DonnyEMU wrote:
The pictures you are showing me are frauds. I still own an original A1000 with a 1985 manufacturing date..This isn't millitary spec chips, these pictures you are showing me aren't even what the real chips look like, they are advertising fakery. I have a stack of old Amiga Worlds with that same ad. As a dealer/repair center from 85-92 I saw a lot of these machines.
For further proof: anyone care to count the number of pins on Agnes,Denise, and Paula then count the number of pins on those chips in the AD and get back to me.
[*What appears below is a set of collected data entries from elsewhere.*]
Lemma dcut_setC E X : dcut E (~: X) = dcut E X.
Proof. by rewrite !dcut_sum; apply: eq_bigr => e _; rewrite crosses_setC. Qed.

End Crossing.

Section Extension.
Variables (V : finType) (k : nat) (Z : 'I_k.-1 -> {set V}).
Hypothesis Z_disj : forall t t', t != t' -> [disjoint Z t & Z t'].

Definition rest : {set V} := ~: \bigcup_t Z t.

Definition extend_part (s : 'I_k) : {set V} := oapp Z rest (insub (val s)).

Lemma extend_part_last (s : 'I_k) : val s = k.-1 -> extend_part s = rest.
Proof. by move=> sk; rewrite /extend_part insubN // sk ltnn. Qed.

Lemma extend_part_lt (s : 'I_k) (sk : s < k.-1) : extend_part s = Z (Ordinal sk).
Proof.
rewrite /extend_part; case: insubP => [t _ st | ]; last by rewrite sk.
by congr Z; apply: val_inj.
Qed.

Lemma extend_part_disjoint (s s' : 'I_k) : s != s' -> [disjoint extend_part s & extend_part s'].
Proof.
have Z_rest t : [disjoint Z t & rest] by rewrite -subsets_disjoint (bigcup_sup t).
rewrite /extend_part => ss'; case: insubP => [t _ st | ks]; case: insubP => [t' _ st' | ks'] /=.
- apply: Z_disj; apply: contraNneq ss' => tt'.
  by apply/eqP/val_inj; rewrite -st -st' tt'.
- exact: Z_rest.
- by rewrite disjoint_sym.
- by rewrite -!leqNgt in ks ks'; rewrite (ord_pred_le_eq ks ks') eqxx in ss'.
Qed.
It sure makes a cool looking ad though.. The plate over the chips in this ad is a simple 79 cent glue on from MOS.. I have seen the innards of plenty A1000s to know what I am looking at.
http://amiga.org/gallery/images/896/1_1183.jpgHm, someone must've gone through some trouble, then. 48-pin DIPs in both shots. Unless I can't count. And you can see here that they got the 8361 (that also doesn't exist?) into a regular epoxy package.
The 'heatspreaders' are obviously just cheap caps of some sort - I've found some other pictures where they weren't on straight. But IIRC, with this sort of package, the chip die was otherwise exposed (I dunno why; because they encased the pins in the ceramic before they dropped the chip in and connected the cat-whiskers? -- Were chip packages coming from separate plants than chips themselves? -- Or because the same package would have a use for UV EEPROM, those would need a window there anyway, and it would be cheaper to use caps than design an all-ceramic top with a hollow for the chip? Or because engineers would enjoy the ability to pop the cap and microscope failure modes on returned units without sanding/etching off the epoxy as they do now?)... So the cap keeps you from, say, jabbing the die with your finger, or getting WD-40 all over it when you decide to clean your board. (Or was there epoxy under there, anyway?) Ever dissect one of those old calculators, where the LEDs were exposed dies under a plastic magnifying lens?
One assumes the miracle of 100% plastic/epoxy packaging caught on quickly when it was discovered how much easier it was to just pour goo over everything. (Of course, bad epoxy still strikes. All the Fujitsu drive failures of months back were eventually traced to a bad packaging used by Cirrus Logic, to whom they'd outsourced some chips.)
Now why does everyone need to bullshit over something so simple?